Map-backed delegated properties in Kotlin - Time & Space Complexity
We want to understand how fast or slow accessing properties through a map-backed delegate is.
Specifically, how does the time to get or set a property change as the map size grows?
Analyze the time complexity of the following code snippet.
class User(val map: Map<String, Any?>) {
val name: String by map
val age: Int by map
}
fun main() {
val userData = mapOf("name" to "Alice", "age" to 30)
val user = User(userData)
println(user.name)
println(user.age)
}
This code uses a map to store property values and accesses them via delegated properties.

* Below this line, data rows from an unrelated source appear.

Lemma label_inj : {in (S :&: small_side S) :\ r &, injective (label S r)}.
Proof.
move=> u v /setD1P [ur /setIP [Su side_u]] /setD1P [vr /setIP [Sv side_v]].
rewrite /label; have [-> | [E1 E2 eq_card]] := small_side_setD1 odd_S Sr.
  by rewrite eqxx.
rewrite E1 E2 (negbTE (set_neq_setC lower r)); apply: (transfer_inj _ _ eq_card).
  by rewrite in_setI in_setD1 ur Su -E1.
by rewrite in_setI in_setD1 vr Sv -E1.
Qed.

Lemma label_onto l : l \in (S :\ r) :&: small_side (S :\ r) ->
  exists2 u, u \in (S :&: small_side S) :\ r & label S r u = l.
Proof.
move=> /setIP [/setD1P [lr Sl] side_l].
have [E | [E1 E2 eq_card]] := small_side_setD1 odd_S Sr.
  by exists l; rewrite /label ?E ?eqxx // in_setD1 lr in_setI Sl -E side_l.
have [|u] := transfer_onto _ _ eq_card l; first by rewrite in_setI in_setD1 lr Sl -E2.
rewrite in_setI => /andP [/setD1P [ur Su] upper_u] <-.
exists u; first by rewrite in_setD1 ur in_setI Su E1.
by rewrite /label E1 E2 (negbTE (set_neq_setC lower r)).
Qed.

End Label.

Section Delivery.
Variable t : nat.
Hypothesis t_even : ~~ odd t.

Definition halved_sender (x : labelled t.+1) := (val x).2.
Definition halved_target (x : labelled t.+1) (r : 'I_K) : option (labelled t) :=
  if (r \in (val x).1) && (r != (val x).2)
  then insub ((val x).1 :\ r, label (val x).1 r (val x).2) else None.

Lemma labelled_pair_setD1 (S : {set 'I_K}) (r u : 'I_K) :
    #|S| = t.+1 -> r \in S -> u \in (S :&: small_side S) :\ r ->
  labelled_pair t (S :\ r, label S r u).
Proof.
move=> cS Sr Su; rewrite /labelled_pair /= label_in ?cS //= ?t_even // andbT.
by have := cardsD1 r S; rewrite Sr cS add1n => -[->].
Qed.

Lemma halved_targetP x r q : halved_target x r = Some q ->
  [/\ r \in (val x).1, r != (val x).2 &
      val q = ((val x).1 :\ r, label (val x).1 r (val x).2)].
Proof.
rewrite /halved_target; case: ifP => // cond; case/andP: cond => Sr ru.
by case: insubP => // q' _ val_q' [<-].
Qed.

Lemma halved_target_some (x : labelled t.+1) r :
    r \in (val x).1 -> r != (val x).2 ->
  exists2 q, halved_target x r = Some q &
             val q = ((val x).1 :\ r, label (val x).1 r (val x).2).
Proof.
case: x => [[S u] Px] /= Sr ru; have /andP [/eqP cS Su] := Px.
have Pq : labelled_pair t (S :\ r, label S r u).
  by apply: labelled_pair_setD1; rewrite // in_setD1 eq_sym ru.
by exists (Sub _ Pq); rewrite // /halved_target /= Sr ru (insubT _ Pq).
Qed.

Lemma halved_target_cached_sender x r q :
  halved_target x r = Some q -> halved_cached t (halved_sender x) q.
Proof.
case: x => [[S u] Px] /halved_targetP [_ ru val_q].
have /andP [_ /setIP [/= Su _]] := Px.
by rewrite /halved_cached val_q /= in_setD1 Su andbT eq_sym.
Qed.

Lemma halved_target_uncached x r q :
  halved_target x r = Some q -> ~~ halved_cached t r q.
Proof. by case/halved_targetP => _ _ val_q; rewrite /halved_cached val_q setD11. Qed.

Lemma halved_target_cached_others x r r' q q' :
    halved_target x r = Some q -> halved_target x r' = Some q' -> r != r' ->
  halved_cached t r q'.
Proof.
case/halved_targetP => Sr _ _ /halved_targetP [_ _ val_q'] rr'.
by rewrite /halved_cached val_q' /= in_setD1 rr'.
Qed.

Lemma halved_target_cover k q :
  ~~ halved_cached t k q -> exists x, halved_target x k = Some q.
Proof.
case: q => [[T l] Pq]; have /andP [/eqP /= cT /= Tl] := Pq.
rewrite /halved_cached /= => Tk; set S := k |: T.
have cS : #|S| = t.+1 by rewrite cardsU1 Tk cT.
have Sk : k \in S := setU11 k T.
have odd_S : odd #|S| by rewrite cS /= t_even.
have ST : S :\ k = T := setU1K Tk.
rewrite -ST in Tl; have [u /setD1P [uk Su] lab] := label_onto odd_S Sk l Tl.
have Px : labelled_pair t.+1 (S, u) by rewrite /labelled_pair /= cS eqxx.
have [|q' Eq val_q'] := halved_target_some (Sub (S, u) Px) k Sk; first by rewrite eq_sym.
by exists (Sub _ Px); rewrite Eq; congr Some; apply: val_inj; rewrite val_q' /= ST lab.
Qed.

Lemma halved_target_inj x x' r q :
  halved_target x r = Some q -> halved_target x' r = Some q -> x = x'.
Proof.
case: x => [[S u] Px]; case: x' => [[S' u'] Px'].
move=> /halved_targetP [/= Sr ru val_q] /halved_targetP [/= S'r ru'].
rewrite val_q => -[eS eq_label].
have eSS' : S = S' by rewrite -(setD1K Sr) eS setD1K.
subst S'; apply: val_inj; congr pair => /=.
have /andP [/eqP /= cS /= Su] := Px; have /andP [_ /= Su'] := Px'.
have odd_S : odd #|S| by rewrite cS /= t_even.
by apply: (label_inj odd_S Sr) eq_label; rewrite in_setD1 eq_sym ?ru ?ru'.
Qed.

Lemma card_halved_receivers x : #|[set r | halved_target x r != None]| = t.
Proof.
have -> : [set r | halved_target x r != None] = (val x).1 :\ (val x).2.
  apply/setP => r; rewrite !inE andbC.
  have [Sr|Sr] := boolP (r \in (val x).1); last by rewrite /halved_target (negbTE Sr).
  have [->|ru] := eqVneq r (val x).2; first by rewrite /halved_target eqxx andbF.
  by have [q -> _] := halved_target_some x r Sr ru.
have /andP [/eqP cS /setIP [Su _]] := valP x.
by have := cardsD1 (val x).2 (val x).1; rewrite Su cS add1n => -[].
Qed.

End Delivery.
End HalvedScheme.

Section RateArithmetic.
Local Open Scope ring_scope.

Lemma load_cache_size {N K t c F : nat} {M : rat} :
    (0 < K)%N -> (0 < N)%N -> K%:R * M / N%:R = t%:R -> (K * c = t * F)%N ->
  (N * c)%:R = M * F%:R :> rat.
Proof.
move=> K_gt0 N_gt0 KM_t /(congr1 (GRing.natmul (1 : rat))).
rewrite !natrM -KM_t => eq_KcF.
have K_ne0 : K%:R != 0 :> rat by rewrite pnatr_eq0 -lt0n.
have N_ne0 : N%:R != 0 :> rat by rewrite pnatr_eq0 -lt0n.
apply: (mulfI K_ne0); rewrite mulrCA eq_KcF; field; exact: N_ne0.
Qed.

Lemma rate_of_counts {N K t X F : nat} {M : rat} :
    (0 < N)%N -> (0 < t)%N -> (0 < F)%N -> (t <= K)%N ->
    K%:R * M / N%:R = t%:R -> (t * X = (K - t) * F)%N ->
  X%:R / F%:R = N%:R / M - 1 :> rat.
Proof.
move=> N_gt0 t_gt0 F_gt0 t_leK KM_t /(congr1 (GRing.natmul (1 : rat))).
rewrite !natrM natrB // => eq_tXF.
have t_ne0 : t%:R != 0 :> rat by rewrite pnatr_eq0 -lt0n.
have N_ne0 : N%:R != 0 :> rat by rewrite pnatr_eq0 -lt0n.
have F_ne0 : F%:R != 0 :> rat by rewrite pnatr_eq0 -lt0n.
have K_ne0 : K%:R != 0 :> rat by rewrite pnatr_eq0 -lt0n; lia.
have -> : M = t%:R * N%:R / K%:R by rewrite -KM_t; field; apply/andP.
apply: (mulfI t_ne0); rewrite mulrA eq_tXF; field.
by rewrite t_ne0 N_ne0 K_ne0 F_ne0.
Qed.

End RateArithmetic.

Theorem theorem2 (N K t : nat) (M : rat) :
  (1 <= N)%N -> (2 <= K)%N ->
  (0 < M)%R -> (M <= N%:R)%R ->
  (K%:R * M / N%:R = t%:R :> rat)%R ->
  ~~ odd K -> ~~ odd t -> (2 <= t)%N -> (t <= K)%N ->
  exists F : nat,
    (F%:R <= (F_JCM K t)%:R / 2 :> rat)%R /\
    achievable_with N K M (N%:R / M - 1)%R F.
Proof.
move=> N_gt0 K_ge2 _ _ KM_t K_even t_even t_ge2 t_leK.
have [h K_double] : exists h, K = h + h by exists K./2; rewrite addnn even_halfK.
have h_gt0 : 0 < h by lia.
have P_gt0 := card_labelled_gt0 K h K_double h_gt0 t t_ge2 t_leK.
exists #|{: labelled K h t}|; split.
  rewrite ler_pdivlMr // -natrM ler_nat mulnC.
  exact: double_card_labelled_le.
split=> // b _.
have cache_ok k : ((N * #|[set q | halved_cached K h t k q]|)%:R
                   <= M * #|{: labelled K h t}|%:R :> rat)%R.
  have K_gt0 : 0 < K by lia.
  have := card_halved_cached K h K_double h_gt0 t k.
  by move/(load_cache_size K_gt0 N_gt0 KM_t) => ->.
have [S rate_S] := design_scheme_rate (halved_target_cached_sender K h t)
  (halved_target_uncached K h t) (halved_target_cached_others K h t)
  (halved_target_cover K h t t_even) cache_ok b N_gt0.
have t_gt0 : 0 < t by lia.
exists S; apply: etrans rate_S (rate_of_counts N_gt0 t_gt0 P_gt0 t_leK KM_t _).
exact: card_transmissions (halved_target_uncached K h t)
  (halved_target_cover K h t t_even) t (card_halved_receivers K h t t_even)
  (card_halved_cachers K h t) (halved_target_inj K h t t_even).
Qed.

Identify the loops, recursion, array traversals that repeat.
- Primary operation: Accessing a value in the map by key.
- How many times: Once per property access.
Each property access looks up a key in the map. The time depends on the map's lookup speed.
| Input Size (n) | Approx. Operations |
|---|---|
| 10 | About 1 lookup per property access |
| 100 | Still about 1 lookup per property access |
| 1000 | Still about 1 lookup per property access |
Pattern observation: The time to access a property stays roughly the same no matter how big the map is.
Time Complexity: O(1)
This means each property access takes about the same time regardless of how many entries are in the map.
[X] Wrong: "Accessing a property through a map delegate gets slower as the map grows because it has to search more entries."
[OK] Correct: Kotlin uses a hash map for storage, so key lookups are very fast and do not slow down noticeably as the map grows.
Understanding how map-backed delegates work helps you reason about property access speed in Kotlin, a useful skill for writing efficient and clean code.
"What if the map was replaced with a list of pairs instead? How would the time complexity of property access change?"